Field-level encryption is niche — most applications don't need it because TLS provides sufficient protection for most compliance requirements. Use it when you need to guarantee that specific sensitive fields (card numbers, SSNs) are not accessible to the broader infrastructure, only to the specific microservice that needs them.

A video streaming service uses signed URLs to protect content. Users report that after purchasing a video, they can share the signed URL with friends who are then able to watch without purchasing. What signed URL configuration would prevent this?

medium

Signed URLs currently use date-less-than expiration set to 72 hours after purchase. No other restrictions are configured on the signed URL.

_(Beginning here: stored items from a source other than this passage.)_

(* Let $k$ be a positive integer, $a=6k+4$, $t=\frac{a-2}{2}$, $b=a+1$, $c=a+\frac a2$, $S=\{a,b,c\}$, $G=\langle S\rangle$. Let $A_{0,k}=\{0\}$, $B_{0,k}=\emptyset$, and for $i\in[1,t]$ let $A_{i,k}=[ia,\,ia+i]$ and $B_{i,k}=A_{i-1,k}+\{c\}$. Let $C=[(t+1)a,\infty[$ and $H_{11,k}=\bigcup_{i=0}^{t}(A_{i,k}\cup B_{i,k})\cup C$. Then: (1) $x\in G$ if and only if $x=(q+u)a+u\cdot\frac a2+r$ for some $q,r,u\in\mathbb{N}$ with $0\le r\le q$; (2) $G=H_{11,k}$; (3) $A_{i,k}<B_{i,k}$ for $i\in[0,t]$; $B_{i,k}<A_{i+1,k}$ for $i\in[0,t-1]$; $B_{t,k}<C$; (4) $H_{11,k}$ is a $3$-permutation numerical semigroup.
   Context: $\mathbb{N}=\{0,1,2,\dots\}$. A numerical semigroup is a submonoid $G$ of $(\mathbb{N},+,0)$ with $\mathbb{N}\setminus G$ finite; $\langle S\rangle$ is the submonoid generated by $S$. Writing the elements of a numerical semigroup as $0=g_0<g_1<g_2<\cdots$, it is an $n$-permutation numerical semigroup if it is generated by $\{g_1,\dots,g_n\}$ and for every $k\in\mathbb{N}$ the tuple $(g_{kn+1}\bmod n,\dots,g_{kn+n}\bmod n)$ contains exactly one representative of each residue class mod $n$. Notation: $[u,v]=\{x\in\mathbb{N}:u\le x\le v\}$, $[u,\infty[=\{x\in\mathbb{N}:x\ge u\}$; $X+Y=\{x+y:x\in X,y\in Y\}$; $X<Y$ means $x<y$ for all $x\in X,y\in Y$ (vacuous if one of them is empty). *)

From mathcomp Require Import all_boot.
Set Implicit Arguments. Unset Strict Implicit. Unset Printing Implicit Defensive.

Inductive gen (S : nat -> Prop) : nat -> Prop :=
  | gen0 : gen S 0
  | genS : forall x y, S x -> gen S y -> gen S (x + y).

Definition numerical_semigroup (G : nat -> Prop) : Prop :=
  G 0 /\ (forall x y, G x -> G y -> G (x + y)) /\
  (exists N, forall x, N <= x -> G x).

Definition enumerates (G : nat -> Prop) (g : nat -> nat) : Prop :=
  (forall i, g i < g i.+1) /\ (forall x, G x <-> exists i, g i = x).

Definition perm_numerical_semigroup (n : nat) (G : nat -> Prop) : Prop :=
  numerical_semigroup G /\
  exists g, enumerates G g /\
    (forall x, G x <-> gen (fun y => exists2 j, 1 <= j <= n & y = g j) x) /\
    (forall k r, r < n ->
       exists! j, (1 <= j <= n) /\ g (k * n + j) %% n = r).

Definition interval (u v : nat) : nat -> Prop := fun x => u <= x <= v.
Definition from (u : nat) : nat -> Prop := fun x => u <= x.

Definition setadd (X Y : nat -> Prop) : nat -> Prop :=
  fun z => exists x y, X x /\ Y y /\ z = x + y.

Definition set_lt (X Y : nat -> Prop) : Prop :=
  forall x y, X x -> Y y -> x < y.

Definition pa (k : nat) : nat := 6 * k + 4.
Definition pt (k : nat) : nat := (pa k - 2) %/ 2.
Definition pb (k : nat) : nat := pa k + 1.
Definition pc (k : nat) : nat := pa k + pa k %/ 2.

Definition Sk (k : nat) : nat -> Prop :=
  fun x => x = pa k \/ x = pb k \/ x = pc k.

Definition Aik (k i : nat) : nat -> Prop :=
  if i == 0 then (fun x => x = 0) else interval (i * pa k) (i * pa k + i).

Definition Bik (k i : nat) : nat -> Prop :=
  if i == 0 then (fun _ => False)
  else setadd (Aik k i.-1) (fun x => x = pc k).

Definition Ck (k : nat) : nat -> Prop := from ((pt k + 1) * pa k).

Definition H11 (k : nat) : nat -> Prop :=
  fun x => (exists2 i, i <= pt k & Aik k i x \/ Bik k i x) \/ Ck k x.

From mathcomp Require Import all_boot zify.

(* Write h = a/2 = 3k+2, so that the generators are 2h, 2h+1 and 3h and <S>
   consists of the numbers (q+u)2h + uh + r with r <= q.  Splitting u by
   parity, these are exactly the numbers n*2h + r (r <= n) and n*2h + h + r
   (r < n): the blocks A_n and B_n for n < h, followed by everything from h*2h
   on.  Block n has 2n+1 elements, so the j-th element of the semigroup lies
   in block isqrt j, which yields an explicit increasing enumeration g.
   Consecutive elements differ by 1 except at the two gaps of each block, and
   because h = 2 (mod 3) every gap falling inside a window g(3m+1), g(3m+2),
   g(3m+3) has length 1 (mod 3); so each window meets every residue class
   mod 3 exactly once. *)

Lemma gen_add S x y : gen S x -> gen S y -> gen S (x + y).
Proof.
move=> gx gy; elim: gx => [|s z Ss _ IH]; first by rewrite add0n.
by rewrite -addnA; apply: genS.
Qed.

Lemma gen_mul S s n : S s -> gen S (n * s).
Proof.
move=> Ss; elim: n => [|n IH]; first exact: gen0.
by rewrite mulSn; apply: genS.
Qed.

Lemma gen_eq (S1 S2 : nat -> Prop) :
  (forall y, S1 y <-> S2 y) -> forall x, gen S1 x <-> gen S2 x.
Proof.
have sub T1 T2 : (forall y, T1 y -> T2 y) -> forall x, gen T1 x -> gen T2 x.
  by move=> T12 x; elim=> [|s z Ts _ IH]; [apply: gen0 | apply: genS (T12 _ Ts) IH].
by move=> S12 x; split; apply: sub => y /S12.
Qed.

Lemma gen3_iff a h x :
  gen (fun y => y = a \/ y = a + 1 \/ y = a + h) x <->
  exists q r u, r <= q /\ x = (q + u) * a + u * h + r.
Proof.
split.
  elim=> [|s y Ss _ [q [r [u [rq ->]]]]]; first by exists 0, 0, 0.
  case: Ss => [->|[->|->]]; [exists q.+1, r, u | exists q.+1, r.+1, u | exists q, r, u.+1];
    split; lia.
move=> [q [r [u [rq ->]]]].
have -> : (q + u) * a + u * h + r = (q - r) * a + (r * (a + 1) + u * (a + h)).
  by rewrite -{1}(subnK rq); lia.
by apply: gen_add; [|apply: gen_add]; apply: gen_mul; tauto.
Qed.

(* Block i is the paper's A_i followed by B_i, for a = 2h; B_0 is empty. *)
Definition blockset (h x : nat) : Prop :=
  (exists2 i, i < h & i * (2 * h) <= x <= i * (2 * h) + i \/
                      i * (2 * h) + h <= x < i * (2 * h) + h + i)
  \/ h * (2 * h) <= x.

Lemma blockset_low h n r : r <= n -> blockset h (n * (2 * h) + r).
Proof.
move=> rn; case: (ltnP n h) => [nh|hn]; first by left; exists n => //; left; lia.
by right; rewrite (leq_trans _ (leq_addr _ _)) // leq_mul2r hn orbT.
Qed.

Lemma blockset_high h n r : r < n -> blockset h (n * (2 * h) + h + r).
Proof.
move=> rn; case: (ltnP n h) => [nh|hn]; first by left; exists n => //; right; lia.
by right; rewrite -addnA (leq_trans _ (leq_addr _ _)) // leq_mul2r hn orbT.
Qed.

Lemma repr_blockset h x : 0 < h ->
  (exists q r u, r <= q /\ x = (q + u) * (2 * h) + u * h + r) <-> blockset h x.
Proof.
move=> h0; split.
  move=> [q [r [u [rq ->]]]].
  rewrite (divn_eq u 2); set v := u %/ 2; have : u %% 2 < 2 by rewrite ltn_pmod.
  case: (u %% 2) => [|[|//]] _.
    have -> : (q + (v * 2 + 0)) * (2 * h) + (v * 2 + 0) * h + r =
              (q + 3 * v) * (2 * h) + r by lia.
    by apply: blockset_low; lia.
  have -> : (q + (v * 2 + 1)) * (2 * h) + (v * 2 + 1) * h + r =
            (q + 3 * v + 1) * (2 * h) + h + r by lia.
  by apply: blockset_high; lia.
case=> [[i ih [xA|xB]]|xC].
- by exists i, (x - i * (2 * h)), 0; split; lia.
- by exists i.-1, (x - i * (2 * h) - h), 1; split; [|rewrite addn1 prednK]; lia.
- rewrite (divn_eq x (2 * h)); set m := x %/ _; set r := x %% _.
  have r_lt : r < 2 * h by rewrite ltn_pmod ?muln_gt0.
  have m_ge : h <= m by rewrite leq_divRL ?muln_gt0.
  case: (leqP r m) => rm; first by exists m, r, 0; split; lia.
  by exists m.-1, (r - h), 1; split; [|rewrite addn1 prednK]; lia.
Qed.

Fixpoint isqrt_below (n j : nat) : nat :=
  if n is n'.+1 then (if n * n <= j then n else isqrt_below n' j) else 0.

Definition isqrt (j : nat) : nat := isqrt_below j j.

Lemma isqrt_bounds j : isqrt j * isqrt j <= j < (isqrt j).+1 * (isqrt j).+1.
Proof.
suff below n : j < n.+1 * n.+1 ->
    isqrt_below n j * isqrt_below n j <= j < (isqrt_below n j).+1 * (isqrt_below n j).+1.
  by apply: below; nia.
elim: n => [|n IH] /= jn; first lia.
by case: ifP => [|/negbT]; [lia | rewrite -ltnNge => ?; apply: IH].
Qed.

Lemma isqrt_unique i j : i * i <= j < i.+1 * i.+1 -> isqrt j = i.
Proof.
move=> ij; have := isqrt_bounds j; set r := isqrt j => rj.
by case: (ltngtP r i) => // [ri|ir];
  [have := leq_mul ri ri | have := leq_mul ir ir]; lia.
Qed.

Definition block_elem (h i s : nat) : nat :=
  if s <= i then i * (2 * h) + s else i * (2 * h) + h + (s - i.+1).

(* Block i has 2i+1 elements, so it starts at index i * i. *)
Definition blockset_nth (h j : nat) : nat :=
  let i := isqrt j in
  if i < h then block_elem h i (j - i * i) else h * (2 * h) + (j - h * h).

Lemma blockset_nth_block h i s :
  i < h -> s <= 2 * i -> blockset_nth h (i * i + s) = block_elem h i s.
Proof.
move=> ih si; rewrite /blockset_nth (@isqrt_unique i) ?ih ?addKn //; lia.
Qed.

Lemma blockset_nth_tail h j :
  h * h <= j -> blockset_nth h j = h * (2 * h) + (j - h * h).
Proof.
rewrite /blockset_nth; case: ltnP => // ih hj.
have := isqrt_bounds j; have := leq_mul ih ih; lia.
Qed.

Lemma blockset_nth_next h i :
  i < h -> blockset_nth h (i.+1 * i.+1) = i.+1 * (2 * h).
Proof.
move=> ih; case: (ltnP i.+1 h) => [i1h|hi1].
  by rewrite -(addn0 (i.+1 * i.+1)) blockset_nth_block // /block_elem addn0.
by rewrite blockset_nth_tail (_ : i.+1 = h) ?subnn ?addn0 //; lia.
Qed.

Variant index_spec (h j : nat) : Prop :=
  | IndexBlock i s of i < h & s <= 2 * i & j = i * i + s
  | IndexTail of h * h <= j.

Lemma indexP h j : index_spec h j.
Proof.
case: (leqP (h * h) j) => hj; first exact: IndexTail.
have := isqrt_bounds j; set i := isqrt j => ij.
apply: (@IndexBlock _ _ i (j - i * i)); try lia.
by rewrite ltnNge; apply/negP => hi; have := leq_mul hi hi; lia.
Qed.

Lemma blockset_nth_succ h i s : i < h -> s < 2 * i ->
  blockset_nth h (i * i + s).+1 = block_elem h i s.+1.
Proof. by move=> ih si; rewrite -addnS blockset_nth_block. Qed.

Lemma blockset_nth_mono h j : blockset_nth h j < blockset_nth h j.+1.
Proof.
case: (indexP h j) => [i s ih si ->|hj]; last by rewrite !blockset_nth_tail //; lia.
case: (ltnP s (2 * i)) => si'.
  by rewrite blockset_nth_succ // blockset_nth_block // /block_elem; do 2 case: ifP; lia.
rewrite (_ : (i * i + s).+1 = i.+1 * i.+1); last lia.
by rewrite blockset_nth_next // blockset_nth_block // /block_elem; case: ifP; lia.
Qed.

Lemma blockset_nthP h x : blockset h x <-> exists j, blockset_nth h j = x.
Proof.
split.
  case=> [[i ih [xA|xB]]|xC].
  - exists (i * i + (x - i * (2 * h))); rewrite blockset_nth_block; try lia.
    by rewrite /block_elem; case: ifP; lia.
  - exists (i * i + (x - i * (2 * h) - h + i.+1)); rewrite blockset_nth_block; try lia.
    by rewrite /block_elem; case: ifP; lia.
  - by exists (h * h + (x - h * (2 * h))); rewrite blockset_nth_tail; lia.
move=> [j <-]; case: (indexP h j) => [i s ih si ->|hj].
  by left; exists i => //; rewrite blockset_nth_block // /block_elem; case: ifP; lia.
by right; rewrite blockset_nth_tail; lia.
Qed.

Lemma sqrn_mod3 i : i * i %% 3 = (i %% 3 != 0).
Proof.
rewrite -modnMm; have : i %% 3 < 3 by rewrite ltn_pmod.
by case: (i %% 3) => [|[|[|]]].
Qed.

Lemma blockset_nth_step_mod3 h j : h %% 3 = 2 -> j %% 3 != 0 ->
  blockset_nth h j.+1 = blockset_nth h j + 1 %[mod 3].
Proof.
move=> h3 j3; case: (indexP h j) => [i s ih si ej|hj]; last first.
  by rewrite !blockset_nth_tail //; lia.
have := sqrn_mod3 i; rewrite ej in j3 *.
case: (ltnP s (2 * i)) => si'.
  by rewrite blockset_nth_succ // blockset_nth_block // /block_elem; do 2 case: ifP; lia.
rewrite (_ : (i * i + s).+1 = i.+1 * i.+1); last lia.
by rewrite blockset_nth_next // blockset_nth_block // /block_elem; case: ifP; lia.
Qed.

Lemma exists_unique_shift_mod3 x r : r < 3 ->
  exists! j, (1 <= j <= 3) /\ (x + j.-1) %% 3 = r.
Proof.
move=> r3; exists ((r + 2 * (x %% 3)) %% 3).+1; split; first lia.
by move=> j; lia.
Qed.

Lemma blockset_nth_residues h m r : h %% 3 = 2 -> r < 3 ->
  exists! j, (1 <= j <= 3) /\ blockset_nth h (m * 3 + j) %% 3 = r.
Proof.
move=> h3 r3.
have shift j : 1 <= j <= 3 ->
    blockset_nth h (m * 3 + j) %% 3 = (blockset_nth h (m * 3 + 1) + j.-1) %% 3.
  move=> j13; have := @blockset_nth_step_mod3 h (m * 3 + 1) h3.
  have := @blockset_nth_step_mod3 h (m * 3 + 2) h3.
  by rewrite -!addnS; case: j j13 => [|[|[|[|]]]] //= _; lia.
have [j [[jr ej] uniq_j]] := exists_unique_shift_mod3 (blockset_nth h (m * 3 + 1)) r r3.
exists j; split; first by rewrite shift.
by move=> j' [j'r ej']; apply: uniq_j; rewrite -shift.
Qed.

Lemma perm_numerical_semigroup_ext n (G1 G2 : nat -> Prop) :
  (forall x, G1 x <-> G2 x) ->
  perm_numerical_semigroup n G1 -> perm_numerical_semigroup n G2.
Proof.
move=> G12 [[G0 [Gadd [N GN]]] [g [[g_mono g_enum] [g_gen g_res]]]].
split; first split; [by apply/G12 | split |].
- by move=> x y /G12 Gx /G12 Gy; apply/G12; apply: Gadd.
- by exists N => x /GN /G12.
- exists g; split; [split=> // x | split=> // x]; by rewrite -G12.
Qed.

Lemma blockset_perm3 h : 1 < h -> h %% 3 = 2 ->
  perm_numerical_semigroup 3 (blockset h).
Proof.
move=> h1 h3.
have gen_blockset x :
    gen (fun y => y = 2 * h \/ y = 2 * h + 1 \/ y = 2 * h + h) x <-> blockset h x.
  by rewrite gen3_iff repr_blockset //; lia.
split.
  split; first by apply/gen_blockset; apply: gen0.
  split=> [x y /gen_blockset Gx /gen_blockset Gy|].
    by apply/gen_blockset; apply: gen_add.
  by exists (h * (2 * h)) => x; right.
exists (blockset_nth h); split; first by split; [apply: blockset_nth_mono | apply: blockset_nthP].
split; last by move=> m r; apply: blockset_nth_residues.
move=> x; rewrite -gen_blockset; apply: gen_eq => y.
have nth s : s <= 2 -> blockset_nth h (1 + s) = block_elem h 1 s.
  by move=> s2; rewrite -(@blockset_nth_block h 1 s).
split=> [[->|[->|->]]|[j j3 ->]];
  [exists 1 | exists 2 | exists 3 | case: j j3 => [|[|[|[|]]]] // _];
  rewrite ?(nth 0) ?(nth 1) ?(nth 2) // /block_elem /=; lia.
Qed.

Lemma Aik_iff k i x : Aik k i x <-> i * pa k <= x <= i * pa k + i.
Proof. by rewrite /Aik /interval; case: i => [|i] /=; lia. Qed.

Lemma Bik_iff k i x :
  Bik k i x <-> i * pa k + pa k %/ 2 <= x < i * pa k + pa k %/ 2 + i.
Proof.
rewrite /Bik; case: i => [|i] /=; first by split=> [[]|]; lia.
split=> [[y [z [/Aik_iff yA [-> ->]]]]|xB]; first by rewrite /pc; lia.
by exists (x - pc k), (pc k); rewrite Aik_iff /pc; lia.
Qed.

Lemma H11_blockset k x : H11 k x <-> blockset (3 * k + 2) x.
Proof.
have ha : pa k = 2 * (3 * k + 2) by rewrite /pa; lia.
have hh : pa k %/ 2 = 3 * k + 2 by rewrite /pa; lia.
have ht : pt k = 3 * k + 1 by rewrite /pt /pa; lia.
rewrite /H11 /blockset /Ck /from ht; split.
  case=> [[i it [/Aik_iff xA | /Bik_iff xB]]|xC]; [left; exists i; lia.. | right; lia].
case=> [[i ih [xA | xB]]|xC]; last by right; lia.
all: by left; exists i; [lia | rewrite Aik_iff Bik_iff; lia].
Qed.

Theorem lemma4p11 (k : nat) (hk : 0 < k) :
  let a := pa k in let t := pt k in
  let G := gen (Sk k) in
  (* (1) *)
  (forall x, G x <->
     exists q r u, r <= q /\ x = (q + u) * a + u * (a %/ 2) + r) /\
  (* (2) *)
  (forall x, G x <-> H11 k x) /\
  (* (3) *)
  ((forall i, i <= t -> set_lt (Aik k i) (Bik k i)) /\
   (forall i, i < t -> set_lt (Bik k i) (Aik k i.+1)) /\
   set_lt (Bik k t) (Ck k)) /\
  (* (4) *)
  perm_numerical_semigroup 3 (H11 k).
Proof.
move=> a t G; subst a t G.
have ha : pa k = 2 * (3 * k + 2) by rewrite /pa; lia.
have hh : pa k %/ 2 = 3 * k + 2 by rewrite /pa; lia.
have ht : pt k = 3 * k + 1 by rewrite /pt /pa; lia.
have part1 : forall x, gen (Sk k) x <->
    exists q r u, r <= q /\ x = (q + u) * pa k + u * (pa k %/ 2) + r.
  exact: gen3_iff.
have part2 x : gen (Sk k) x <-> H11 k x.
  rewrite part1 H11_blockset -repr_blockset; last lia.
  by rewrite hh ha.
split; first exact: part1.
split; first exact: part2.
split; first (split; last split).
- by move=> i it x y /Aik_iff xA /Bik_iff yB; lia.
- by move=> i it x y /Bik_iff xB /Aik_iff yA; lia.
- by move=> x y /Bik_iff xB; rewrite /Ck /from; lia.
apply: (@perm_numerical_semigroup_ext _ (blockset (3 * k + 2))) => [x|].
  by rewrite H11_blockset.
by apply: blockset_perm3; lia.
Qed.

  • AReduce the expiration time from 72 hours to 1 hour
    Incorrect.Shorter expiration limits the sharing window but doesn't prevent sharing — the shared URL still works within the expiration window. It reduces risk but doesn't solve the problem.
  • BAdd an IP restriction to the signed URL using the custom policy — the signed URL will only work from the purchaser's IP address
    Correct!CloudFront signed URLs with custom policy support an IpAddress condition. The URL is only valid from the specified CIDR. When shared with someone on a different IP, CloudFront rejects the request. Combine with a reasonable expiration (24h) for the best tradeoff. Limitation: mobile users on cellular networks change IPs frequently — a strict /32 restriction can break legitimate access. Use /24 to allow minor IP variation, or use signed cookies (which the browser sends automatically) with per-session tokens instead.
  • CEncrypt the video at rest in S3 with a customer-managed key
    Incorrect.S3 encryption protects data at rest. CloudFront fetches and decrypts from S3 transparently before serving. Encryption at rest doesn't affect who can access content via CloudFront.
  • DUse signed cookies instead of signed URLs — cookies cannot be shared
    Incorrect.Cookies can be shared (by copying cookie values). Signed cookies solve a different problem — authorizing access to multiple resources without embedding the signature in each URL.

Hint:The URL is being shared with different users. What attribute of the viewer can you bind the URL to?